Explosions in the Sky in Tipitina’s: Concert Review

Call it what you will—the sound of raging Vikings, the sound of mastodons fucking, the sound of intermittently football-related high school melodrama—but there is no debating the fact that Explosions in the Sky have cultivated an unmistakable sound over the course of the decade.

By Nick Simonite

Take a moment to consider precisely how unlikely their success has been: an instrumental post-rock band from Texas made up of four scruffy white dudes (75 percent bearded before bearded was in) playing songs that clock in, on average, around eight minutes. They trade in lonely, reverb-laden guitar arpeggios and slow-builds to exhilarating crescendos. Thus, their music is singularly suited as a soundtrack to one’s daily existence, assuming that one is a marauder of the highlands.

The lack of lyrical content makes it easy (and fun!) to hang whatever metaphor or meaning you might choose on their songs. At this point, a generation has studied/smoked pot/read blogs with The Earth is Not a Cold Dead Place plugging away in the background, which is an odd context for a band to fit into.
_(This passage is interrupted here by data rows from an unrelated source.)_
Lemma continuous_app : env_continuous D Fapp.
Proof.
  split; [| exact continuous_app_mono |]; unfold Fapp.
  - intros h Hh. apply lbind_wf; [apply (cont_wf HF1); auto |].
    intros f Wf. apply lbind_wf; [apply (cont_wf HF2); auto |].
    intros v Wv. exact (proj1 Wf P v Wv).
  - intros hc h Hc Wh Lh. apply lbind_lub; auto using continuous_chain.
    + apply (cont_lub HF1); auto.
    + apply (cont_wf HF1); auto.
    + intro k. apply continuous_app_mono; apply Hc.
    + intros f k0 fc _ _ Hfc Lf Wf. apply lbind_lub.
      * apply (continuous_chain (hc := fun k => hc (k0 + k))); auto using env_chain_tail.
      * apply continuous_tail; auto.
      * apply (cont_wf HF2); auto.
      * intro k. rewrite Nat.add_succ_r.
        apply lbind_mono; try apply (cont_wf HF2); try apply (cont_mono HF2); try apply Hc.
        intros v1 v2 Wv1 Wv2 Lv. apply app_mono; auto; apply Hfc.
      * intros v k1 vc _ _ Hvc Lv Wv.
        apply (lub_diag (Fc := fun k => fc (k1 + k))); auto.
        -- split; intro k; [apply Hfc | rewrite Nat.add_succ_r; apply Hfc].
        -- exact (lub_tail (@dom_refl _ _) (@dom_trans _ _) k1 (proj2 Hfc) Lf).
Qed.

End App.

Section Letrec.
Variables (D : ctx) (f x : var) (t1 t2 t : ty)
  (F1 : privset Priv -> env Priv ((x, t1) :: (f, TArr t1 t2) :: D) -> lift (sem Priv t2))
  (F2 : env Priv ((f, TArr t1 t2) :: D) -> lift (sem Priv t)).
Hypotheses (HF1 : forall P, env_continuous _ (F1 P)) (HF2 : env_continuous _ F2).

Definition rec_functional (h : env Priv D) (g : sem Priv (TArr t1 t2)) : sem Priv (TArr t1 t2) :=
  lam_sem F1 (ext h f g).

Let Hlam := continuous_lam HF1.

Lemma rec_functional_wf h g : env_wf D h -> pwf (dm (TArr t1 t2)) g ->
  pwf (dm (TArr t1 t2)) (rec_functional h g).
Proof. intros Hh Hg. apply (cont_wf Hlam), ext_wf; auto. Qed.

Lemma rec_functional_mono h1 h2 g1 g2 : env_wf D h1 -> env_wf D h2 -> env_le D h1 h2 ->
  pwf (dm (TArr t1 t2)) g1 -> pwf (dm (TArr t1 t2)) g2 -> ple (dm (TArr t1 t2)) g1 g2 ->
  ple (dm (TArr t1 t2)) (rec_functional h1 g1) (rec_functional h2 g2).
Proof. intros. apply (cont_mono Hlam); auto using ext_wf, ext_le. Qed.

Lemma rec_functional_lub hc h gc g : (forall k, env_wf D (hc k)) ->
  (forall k, env_le D (hc k) (hc (S k))) -> env_wf D h -> env_lub D hc h ->
  chain (dm (TArr t1 t2)) gc -> is_lub (dm (TArr t1 t2)) gc g -> pwf (dm (TArr t1 t2)) g ->
  is_lub (dm (TArr t1 t2)) (fun k => rec_functional (hc k) (gc k)) (rec_functional h g).
Proof.
  intros Wc Mc Wh Lh Cg Lg Wg.
  apply val_lub_inv, (cont_lub Hlam (hc := fun k => ext (hc k) f (gc k))).
  - apply ext_chain; auto. split; auto.
  - apply ext_wf; auto.
  - apply ext_lub; auto.
Qed.
Lemma path_last_nlinear p : is_path G N Af reps p -> nlinear G N (last root p).
Proof. by case=> p_gt0 _ nlp _; rewrite -nth_last; apply: nlp; rewrite prednK. Qed.

Lemma leaf_Ind_irr_over p u :
  is_path G N Af reps p -> last root p = u -> tA u = tH u ->
  forall i, (i < size p)%N -> Ind_irr_over (nth root p i) (tA u) (tth u).
Proof.
move=> pathp lastp leaf_u; have [p_gt0 _ nlp edges] := pathp.
apply: ltn_ind_down => [|i lt_i1 over_i1].
  have [_ _ Lth _ _] := path_last_nlinear pathp.
  rewrite nth_last lastp in Lth *; rewrite /Ind_irr_over -leaf_u cfInd_id cfRes_id.
  by split; rewrite ?lin_char_irr ?irrWnorm ?lin_char_irr ?oner_eq0.
have [_ [phi [rphi Dw]]] := edges i lt_i1; rewrite Dw in over_i1.
exact: (Ind_irr_over_child (nlp i (ltnW lt_i1)) rphi over_i1).1.
Qed.

Lemma path_leaf_last p i :
  is_path G N Af reps p -> (i < size p)%N -> tA (nth root p i) = tH (nth root p i) ->
  i = (size p).-1.
Proof.
case=> _ _ _ edges lt_ip leaf_i; have [lt_i1 | ] := ltnP i.+1 (size p); last by lia.
by have [] := edges i lt_i1; rewrite leaf_i eqxx.
Qed.

Lemma eq_last_leaf_paths p p' :
  is_path G N Af reps p -> is_path G N Af reps p' ->
  tA (last root p) = tH (last root p) -> tA (last root p') = tH (last root p') ->
  (forall k, k < size p -> k < size p' -> nth root p k = nth root p' k)%N ->
  last root p = last root p'.
Proof.
wlog le_pp' : p p' / (size p <= size p')%N => [WLOG | pathp pathp' leaf leaf' eq_nth].
  move=> pathp pathp' leaf leaf' eq_nth; have [le | /ltnW le] := leqP (size p) (size p').
    exact: WLOG.
  by symmetry; apply: WLOG => // k lt' lt; rewrite eq_nth.
have [p_gt0 _ _ _] := pathp; have lt_k : ((size p).-1 < size p)%N by rewrite prednK.
have lt_k' : ((size p).-1 < size p')%N by lia.
have Ek := eq_nth _ lt_k lt_k'; rewrite nth_last in Ek.
have := path_leaf_last pathp' lt_k'; rewrite -Ek => /(_ leaf) Dk.
by rewrite Ek Dk nth_last.
Qed.

Lemma reps_same_orbit_eq v (phi phi' : 'CF(Af v)) :
  nlinear G N v -> reps v phi -> reps v phi' -> same_orbit Af v phi phi' -> phi = phi'.
Proof.
move=> nlv rphi rphi' orb; have [reps_lin reps_uniq] := hR nlv.
have orb' : same_orbit Af v phi' phi'.
  exists idfun; split=> //; exists 1%g => //.
  by apply/cfunP => g; rewrite cfConjgJ1 cfunE.
have [psi [_ Upsi]] := reps_uniq phi' (reps_lin phi' rphi').
by rewrite -(Upsi phi (conj rphi orb)) (Upsi phi' (conj rphi' orb')).
Qed.
Let urysohn_approx_separator n :
  uniform_separator (~` U) [set x | ball x n.+1%:R^-1 `<=` U].
Proof.
apply: uniform_separatorW; exists [set xy : X * X | ball xy.1 n.+1%:R^-1 xy.2].
  by apply: (entourage_ball _ (PosNum _)); rewrite invr_gt0.
apply/seteqP; split => // -[x y] [[/= nUx Uy] xy].
by apply: nUx; apply: Uy; exact: ball_sym.
Qed.

Lemma urysohn_approx_cvg x : open U ->
  (fun n => urysohn_approx n x) @ \oo --> (\1_U x : R).
Proof.
move=> oU; have [Ux|nUx] := pselect (U x); last first.
  rewrite indicE (memNset nUx); apply: cvg_near_cst; apply: nearW => n.
  by apply: Urysohn_sub0 (urysohn_approx_separator n) _ _; exists x.
rewrite indicE mem_set //; apply: cvg_near_cst.
rewrite openE in oU; have /nbhs_ballP[e e0 xeU] := oU x Ux.
near=> n; apply: Urysohn_sub1 (urysohn_approx_separator n) _ _; exists x => //.
apply: subset_trans xeU; apply: le_ball.
rewrite invf_ple ?posrE //; apply/ltW/(lt_le_trans (truncnS_gt _)).
by rewrite ler_nat ltnS; near: n; exact: nbhs_infty_ge.
Unshelve. all: by end_near.
Qed.

Lemma integral_urysohn_approx_cvg {P : {measure set (borelT X) -> \bar R}} :
  (P setT < +oo)%E -> open U ->
  ((fun n => \int[P]_x (urysohn_approx n x)%:E) @ \oo --> P U)%E.
Proof.
move=> Pfin oU; have mU := open_borel_measurable oU.
rewrite -[U in P U]setIT -integral_indic //.
apply: (@dominated_cvg _ _ _ P setT _ _ _ (cst 1%:E)) => //.
- move=> n; apply/measurable_EFinP.
  apply: continuous_borel_measurable; exact: urysohn_approx_continuous.
- by move=> x _; apply: cvg_EFin; [exact: nearW | exact: urysohn_approx_cvg].
- apply/integrableP; split => //.
  by under eq_integral do rewrite abse1; rewrite integral_cst // mul1e.
- move=> n x _; rewrite lee_fin ger0_norm.
  all: by have /andP[] := urysohn_approx_01 n x.
Qed.

End urysohn_approximation.

Lemma finite_measure_unique_continuous {R : realType} {X : pseudoPMetricType R}
    (P Q : {measure set (borelT X) -> \bar R}) : (P setT < +oo)%E ->
  (forall f : X -> R, continuous f -> (forall x, 0 <= f x <= 1) ->
     (\int[P]_x (f x)%:E = \int[Q]_x (f x)%:E)%E) ->
  forall A, measurable A -> P A = Q A.
Proof.
move=> Pfin PQ; have Qfin : (Q setT < +oo)%E.
  have PQ1 : (\int[P]_x 1%:E = \int[Q]_x 1%:E)%E.
    by apply: PQ => x; [exact: cvg_cst | rewrite ler01 lexx].
  by move: PQ1; rewrite !integral_cst // !mul1e => <-.
apply: (@measure_unique _ R (borelT X) (@open X) (fun=> setT)) => //.
- by move=> ? ? ? ?; exact: openI.
- by move=> _; exact: openT.
- by apply/seteqP; split => // x _; exists 0%N.
- move=> U oU; have := integral_urysohn_approx_cvg U Qfin oU.
  have <- : (fun n => \int[P]_x (urysohn_approx U n x)%:E)%E =
            (fun n => \int[Q]_x (urysohn_approx U n x)%:E)%E.
    apply/funext => n; apply: PQ; first exact: urysohn_approx_continuous.
    exact: urysohn_approx_01.
  exact: cvg_unique _ (integral_urysohn_approx_cvg U Pfin oU).
Qed.

Lemma cvg_frequently_eq {T : topologicalType} {u : nat -> T} {l c : T} :
  hausdorff_space T -> u @ \oo --> l ->
  (forall N, exists2 k, (N <= k)%N & u k = c) -> l = c.
Proof.
move=> sep ul freq.
pose phi N := s2val (cid2 (freq N)).
have phioo : phi @ \oo --> \oo.
  apply/cvgnyPge => M; near=> N; apply: leq_trans (s2valP (cid2 (freq N))).
  by near: N; exact: nbhs_infty_ge.
have uphil : (u \o phi) @ \oo --> l := cvg_comp _ _ phioo ul.
apply: (cvg_unique sep uphil).
by apply: cvg_near_cst; apply: nearW => N /=; exact: (s2valP' (cid2 (freq N))).
Unshelve. all: by end_near.
Qed.

Section narrow_limit_image.
Context {R : realType} {X1 X2 Y : pseudoPMetricType R}.
Variable phi : {mfun (borelT X1 * borelT X2)%type >-> borelT Y}.
Hypothesis phi_cont : continuous (phi : X1 * X2 -> Y).

Lemma narrow_cvg_image (mu : probability (borelT Y) R)
    (pik : nat -> probability (borelT X1 * borelT X2)%type R)
    (pi : probability (borelT X1 * borelT X2)%type R) :
  narrow_cvg pik pi ->
  (forall N, exists2 k, (N <= k)%N &
     forall A, measurable A -> pik k (phi @^-1` A) = mu A) ->
  forall A, measurable A -> pi (phi @^-1` A) = mu A.
Proof.
move=> nc freq.
apply: (@finite_measure_unique_continuous _ _ (distribution pi phi)).
  by apply: (@le_lt_trans _ _ 1%E); [exact: probability_le1 | exact: ltry].
move=> f fc f01; have f0 y : (0 <= (f y)%:E)%E by case/andP: (f01 y).
have mf : measurable_fun setT (fun y : borelT Y => (f y)%:E).
  by apply/measurable_EFinP; exact: continuous_borel_measurable.
rewrite ge0_integral_distribution //.
have cvg_fphi : ((fun k => \int[pik k]_x (f (phi x))%:E) @ \oo -->
                 \int[pi]_x (f (phi x))%:E)%E.
  apply: (nc (f \o phi)).
    by move=> x; apply: continuous_comp; [exact: phi_cont | exact: fc].
  by exists 1 => x; have /andP[fx0 fx1] := f01 (phi x); rewrite ger0_norm.
apply: (cvg_frequently_eq (@ereal_hausdorff R) cvg_fphi) => N.
have [k Nk pikmu] := freq N; exists k => //.
transitivity (\int[distribution (pik k) phi]_y (f y)%:E)%E.
  by rewrite ge0_integral_distribution.
by apply: eq_measure_integral => A mA _; exact: pikmu.
Qed.

End narrow_limit_image.

Section measurable_projections.
Context {d1 d2} {T1 : measurableType d1} {T2 : measurableType d2}.

HB.instance Definition _ :=
  isMeasurableFun.Build _ _ _ _ (@fst T1 T2) measurable_fst.
HB.instance Definition _ :=
  isMeasurableFun.Build _ _ _ _ (@snd T1 T2) measurable_snd.

End measurable_projections.

Lemma narrow_cvg_coupling {R : realType} {X1 X2 : pseudoPMetricType R}
    (mu1 : probability (borelT X1) R) (mu2 : probability (borelT X2) R)
    (pik : nat -> probability (borelT X1 * borelT X2)%type R)
    (pi : probability (borelT X1 * borelT X2)%type R) :
  narrow_cvg pik pi ->
  (forall N, exists2 k, (N <= k)%N & coupling mu1 mu2 (pik k)) ->
  coupling mu1 mu2 pi.
Proof.
move=> nc freq; split=> A mA; [rewrite setXT | rewrite setTX].
- apply: (@narrow_cvg_image _ _ _ _ [mfun of fst] _ mu1 pik pi nc _ A mA).
    by move=> x; exact: cvg_fst.
  move=> N; have [k Nk [pik1 _]] := freq N.
  by exists k => // B mB; rewrite -setXT pik1.
- apply: (@narrow_cvg_image _ _ _ _ [mfun of snd] _ mu2 pik pi nc _ A mA).
    by move=> x; exact: cvg_snd.
  move=> N; have [k Nk [_ pik2]] := freq N.
  by exists k => // B mB; rewrite -setTX pik2.
Qed.

Lemma powR_sub_ge_m1 {R : realType} (q x : R) :
  1 <= q -> 0 <= x -> -1 <= x `^ q - x.
Proof.
move=> q1 x0; have [x1|x1] := leP x 1; first by have := powR_ge0 x q; lra.
suff : x `^ 1 <= x `^ q by rewrite powRr1 //; lra.
by apply: ler_powR => //; exact: ltW.
Qed.

Local Open Scope ereal_scope.

Lemma npos_lbound_le_integral {R : realType} {d} {T : measurableType d}
    (nu : {measure set T -> \bar R}) (g : T -> R) (a : R) :
  measurable_fun setT g -> (a <= 0)%R -> (forall x, a <= g x)%R ->
  a%:E * nu setT <= \int[nu]_x (g x)%:E.
Proof.
move=> mg a0 ag; rewrite integralE.
have neg_le : \int[nu]_x ((fun x => (g x)%:E)^\- x) <= (- a)%:E * nu setT.
  rewrite -integral_cst //; apply: ge0_le_integral => //.
  - by apply: measurable_funeneg; exact/measurable_EFinP.
  - move=> x _; rewrite funenegE /= ge_max !lee_fin oppr_ge0 a0 andbT.
    by rewrite lerN2.
have -> : a%:E * nu setT = 0 - (- a)%:E * nu setT.
  by rewrite EFinN mulNe oppeK add0e.
by apply: leeB => //; exact: integral_ge0.
Qed.
Lemma bounded_derive_limit_0 (f df : R -> R) (l B : R) :
  (forall x, 0 <= x -> is_derive f x (df x)) -> is_lim df p_infty l ->
  (forall x, 0 <= x -> Rabs (f x) <= B) -> l = 0.
Proof.
  assert (Hpos : forall (f df : R -> R) (l : R), (forall x, 0 <= x -> is_derive f x (df x)) ->
            is_lim df p_infty l -> (forall x, 0 <= x -> Rabs (f x) <= B) -> ~ 0 < l).
  { intros g dg m Hd Hlim Hb Hm.
    destruct (is_lim_p_infty_eps dg m Hlim (m / 2) ltac:(lra)) as [M HM].
    set (x0 := Rmax M 0 + 1). set (x1 := x0 + 2 * (2 * B + 1) / m).
    pose proof (Rmax_l M 0). pose proof (Rmax_r M 0).
    assert (HB : 0 <= B) by (specialize (Hb 0 (Rle_refl 0)); pose proof (Rabs_pos (g 0)); lra).
    assert (Hx01 : x0 < x1) by (unfold x1; assert (0 < 2 * (2 * B + 1) / m) by
                                  (apply Rdiv_lt_0_compat; lra); lra).
    assert (Hgrow : g x0 - m / 2 * x0 <= g x1 - m / 2 * x1).
    { apply (le_of_is_derive_nonneg (fun s => g s - m / 2 * s) (fun s => dg s - m / 2 * 1));
        [| |lra|].
      - intros s Hs. apply (is_derive_minus g (fun s => m / 2 * s)); [apply Hd; unfold x0 in *; lra|].
        apply (is_derive_scal (fun s => s)), (@is_derive_id R_AbsRing).
      - intros s Hs. apply continuity_pt_minus.
        + apply (continuity_pt_is_derive g s (dg s)), Hd. unfold x0 in *; lra.
        + apply continuity_pt_mult; [apply continuity_pt_const; now intros ? ?| apply continuity_pt_id].
      - intros s Hs. specialize (HM s ltac:(unfold x0 in *; lra)). apply Rabs_lt_between in HM. lra. }
    assert (Hx1x0 : m / 2 * (x1 - x0) = 2 * B + 1) by (unfold x1; field; lra).
    pose proof (Hb x0 ltac:(unfold x0; lra)). pose proof (Hb x1 ltac:(unfold x0 in *; lra)).
    apply Rabs_le_between in H1. apply Rabs_le_between in H2. lra. }
  intros Hd Hlim Hb.
  destruct (Rtotal_order l 0) as [Hl|[Hl|Hl]]; [exfalso| exact Hl| exfalso].
  - apply (Hpos (fun x => - f x) (fun x => - df x) (- l)); [| | |lra].
    + intros x Hx. apply (is_derive_opp f x (df x)), Hd, Hx.
    + apply (is_lim_opp df p_infty l Hlim).
    + intros x Hx. rewrite Rabs_Ropp. apply Hb, Hx.
  - exact (Hpos f df l Hd Hlim Hb Hl).
Qed.

Lemma gronwall (w dw : R -> R) C E x : 0 < C -> 0 <= E -> 0 <= x ->
  (forall s, 0 < s < x -> is_derive w s (dw s)) ->
  (forall s, 0 <= s <= x -> continuity_pt w s) ->
  (forall s, 0 < s < x -> dw s <= C * w s + E) ->
  w x <= (w 0 + E / C) * exp (C * x).
Proof.
  intros HC HE Hx Hd Hc Hdw.
  set (v := fun s => (w s + E / C) * exp (- C * s)).
  assert (Hv : v x <= v 0).
  { apply (le_of_is_derive_nonpos v (fun s => (dw s - C * w s - E) * exp (- C * s))); auto.
    - intros s Hs. unfold v. pose proof (Hd s Hs) as Hws.
      assert (Hex : ex_derive w s) by (eexists; exact Hws).
      auto_derive; [auto|]. change (fun y => w y) with w.
      rewrite (is_derive_unique w s (dw s) Hws). field. lra.
    - intros s Hs. unfold v. apply continuity_pt_mult.
      + apply continuity_pt_plus; [auto| apply continuity_pt_const; now intros ? ?].
      + apply continuity_pt_ex_derive. auto_derive. exact I.
    - intros s Hs. specialize (Hdw s Hs). pose proof (exp_pos (- C * s)). nra. }
  unfold v in Hv. rewrite Rmult_0_r, exp_0, Rmult_1_r in Hv.
  apply (Rmult_le_compat_r (exp (C * x))) in Hv; [|left; apply exp_pos].
  rewrite Rmult_assoc, <- exp_plus in Hv.
  replace (- C * x + C * x) with 0 in Hv by ring. rewrite exp_0 in Hv.
  assert (0 <= E / C) by (apply Rdiv_le_0_compat; lra).
  lra.
Qed.

Lemma gronwall_backward (w dw : R -> R) C x : 0 <= x ->
  (forall s, 0 < s < x -> is_derive w s (dw s)) ->
  (forall s, 0 <= s <= x -> continuity_pt w s) ->
  (forall s, 0 < s < x -> - C * w s <= dw s) ->
  w 0 <= w x * exp (C * x).
Proof.
  intros Hx Hd Hc Hdw.
  replace (w 0) with (w 0 * exp (C * 0)) by (rewrite Rmult_0_r, exp_0; ring).
  apply (le_of_is_derive_nonneg (fun s => w s * exp (C * s))
           (fun s => (dw s + C * w s) * exp (C * s))); auto.
  - intros s Hs. pose proof (Hd s Hs) as Hws.
    assert (Hex : ex_derive w s) by (eexists; exact Hws).
    auto_derive; [auto|]. change (fun y => w y) with w.
    rewrite (is_derive_unique w s (dw s) Hws). ring.
  - intros s Hs. apply continuity_pt_mult; [auto|].
    apply continuity_pt_ex_derive. auto_derive. exact I.
  - intros s Hs. specialize (Hdw s Hs). pose proof (exp_pos (C * s)). nra.
Qed.

Definition preimage (T : R -> R) (t : R) :=
  epsilon (inhabits 0) (fun x => 0 <= x /\ T x = t).

Section IncreasingInverse.
Variables (T P : R -> R).
Hypothesis T_derive : forall x, is_derive T x (P x).
Hypothesis P_pos : forall x, 0 <= x -> 0 < P x.
Hypothesis T_lim : is_lim T p_infty 1.

Lemma increasing_T_lt x y : 0 <= x -> x < y -> T x < T y.
Proof.
  intros Hx Hxy. apply (lt_of_is_derive_pos T P); auto.
  - intros s _. apply continuity_pt_is_derive with (P s). apply T_derive.
  - intros s Hs. apply P_pos. lra.
Qed.

Lemma increasing_T_lt_1 x : 0 <= x -> T x < 1.
Proof.
  intros Hx. apply Rlt_le_trans with (T (x + 1)); [apply increasing_T_lt; lra|].
  apply (is_lim_p_infty_ge T 1 (T (x + 1)) (x + 1) T_lim).
  intros y Hy. destruct Hy as [Hy|<-]; [left; apply increasing_T_lt; lra| lra].
Qed.

Lemma increasing_T_le_inv x y : 0 <= x -> 0 <= y -> T x <= T y -> x <= y.
Proof.
  intros Hx Hy Hle. apply Rnot_lt_le. intros Hlt.
  pose proof (increasing_T_lt y x Hy Hlt). lra.
Qed.

Lemma preimage_spec t : T 0 <= t < 1 -> 0 <= preimage T t /\ T (preimage T t) = t.
Proof.
  intros Ht. apply (epsilon_spec (inhabits 0) (fun x => 0 <= x /\ T x = t)).
  destruct (is_lim_p_infty_eps T 1 T_lim (1 - t) ltac:(lra)) as [M HM].
  set (b := Rmax M 0 + 1). pose proof (Rmax_l M 0). pose proof (Rmax_r M 0).
  specialize (HM b ltac:(unfold b; lra)). apply Rabs_lt_between in HM.
  assert (Hcont : continuity T) by (intros x; apply continuity_pt_is_derive with (P x), T_derive).
  destruct (IVT_gen T 0 b t Hcont) as [x [Hx HTx]].
  - rewrite Rmin_left, Rmax_right by (left; apply increasing_T_lt; unfold b; lra). lra.
  - rewrite Rmin_left, Rmax_right in Hx by (unfold b; lra). exists x. split; [lra| exact HTx].
Qed.

Lemma preimage_derive t : T 0 < t < 1 -> is_derive (preimage T) t (1 / P (preimage T t)).
Proof.
  intros Ht.
  set (lb := (T 0 + t) / 2). set (ub := (t + 1) / 2).
  assert (Hspec : forall u, lb <= u <= ub -> 0 <= preimage T u /\ T (preimage T u) = u)
    by (intros u Hu; apply preimage_spec; unfold lb, ub in Hu; lra).
  assert (Hmono : forall u v, lb <= u -> u <= v -> v <= ub -> preimage T u <= preimage T v).
  { intros u v Hu Huv Hv. destruct (Hspec u ltac:(lra)), (Hspec v ltac:(lra)).
    apply increasing_T_le_inv; auto. lra. }
  assert (Hcont : continuity_pt (preimage T) t).
  { set (b := preimage T ub). destruct (Hspec ub ltac:(unfold lb, ub; lra)) as [Hb HTb].
    fold b in Hb, HTb.
    assert (Hb0 : 0 < b).
    { destruct Hb as [Hb|Hb]; [exact Hb|]. rewrite <- Hb in HTb.
      unfold ub in HTb. lra. }
    apply (continuity_pt_recip_interv T (preimage T) 0 b Hb0).
    - intros x y Hx Hxy _. apply increasing_T_lt; lra.
    - intros u Hu1 Hu2. unfold comp, id. apply preimage_spec.
      rewrite HTb in Hu2. unfold ub in Hu2. lra.
    - intros u Hu1 Hu2. rewrite HTb in Hu2.
      destruct (preimage_spec u ltac:(unfold ub in Hu2; lra)) as [Hu HTu].
      split; [exact Hu|]. apply increasing_T_le_inv; auto. lra.
    - intros a _. apply continuity_pt_is_derive with (P a), T_derive.
    - rewrite HTb. unfold ub. lra. }
  set (Prf := fun (z : R) (_ : preimage T lb <= z <= preimage T ub) =>
                exist (fun l => derivable_pt_abs T z l) (P z)
                  (proj1 (is_derive_Reals T z (P z)) (T_derive z))).
  assert (Hincr : preimage T lb <= preimage T t <= preimage T ub)
    by (split; apply Hmono; unfold lb, ub; lra).
  apply is_derive_Reals.
  apply (derivable_pt_lim_recip_interv T (preimage T) lb ub t Prf Hcont
           ltac:(unfold lb, ub; lra) ltac:(unfold lb, ub; lra) Hincr).
  - intros u Hu. apply Hspec, Hu.
  - simpl. assert (0 < P (preimage T t)) by (apply P_pos, preimage_spec; lra). lra.
Qed.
So to see Explosions in the Sky sell out Tipitina’s on Wednesday, September 29, was a cheerful inevitability. The band initially built a following based on their intense, deafening live shows, but over the last few years have largely eschewed touring, making this gig a magnet for indie rock fans across southern Louisiana. The crowd was what you would by now expect: yards of flannel, beards, smartphones, thick-rimmed glasses and white-soled shoes. There was, no doubt, a whole lotta Tweetin’ going on. Also, apparently no one over 6’1” listens to guitar-driven soundscapes—there wasn’t a pickup game’s worth of basketball talent in attendance, but there were plenty of bookish gentlemen and their pixie-cut-sporting girlfriends.

Opener Wye Oak returned to the Tipitina’s stage for the second time this month (previously opening for the dependably-tremendous Okkervil River) and turned in another solid set, closing with the crowd-pleasing “For Prayer” from 2009’s The Knot. Explosions in the Sky hopped onstage and broke into a characteristically skull-crushing wave of interconnected songs, drawing largely from this year’s excellent Take Care, Take Care, Take Care and 2007’s All of a Sudden I Miss Everyone. It is a truly odd experience to watch a band tear into songs that typically serve as a backdrop for your reading or web surfing—despite the band’s best efforts, the mind does wander.

I can’t help but think that perhaps Explosions are growing too popular for their own good. This show had the potential to be epic and life-affirming, and perhaps it was more so the closer you were to the stage. From the midpoint in the room back, the softer dynamics were lost in the mass of bodies, making the set feel like a string of loud-loud-much-louder moments. The capacity crowd’s chattiness, seemingly a byproduct of Explosions’ soundtrack status, grew louder the further you got from the stage. Omnipresent clouds of pot smoke gently wafting from the audience illustrated nicely how some manage the patience for 13-minute exploratory guitar jams. Ultimately, it was yet another great show that demonstrated the importance of location, location, location.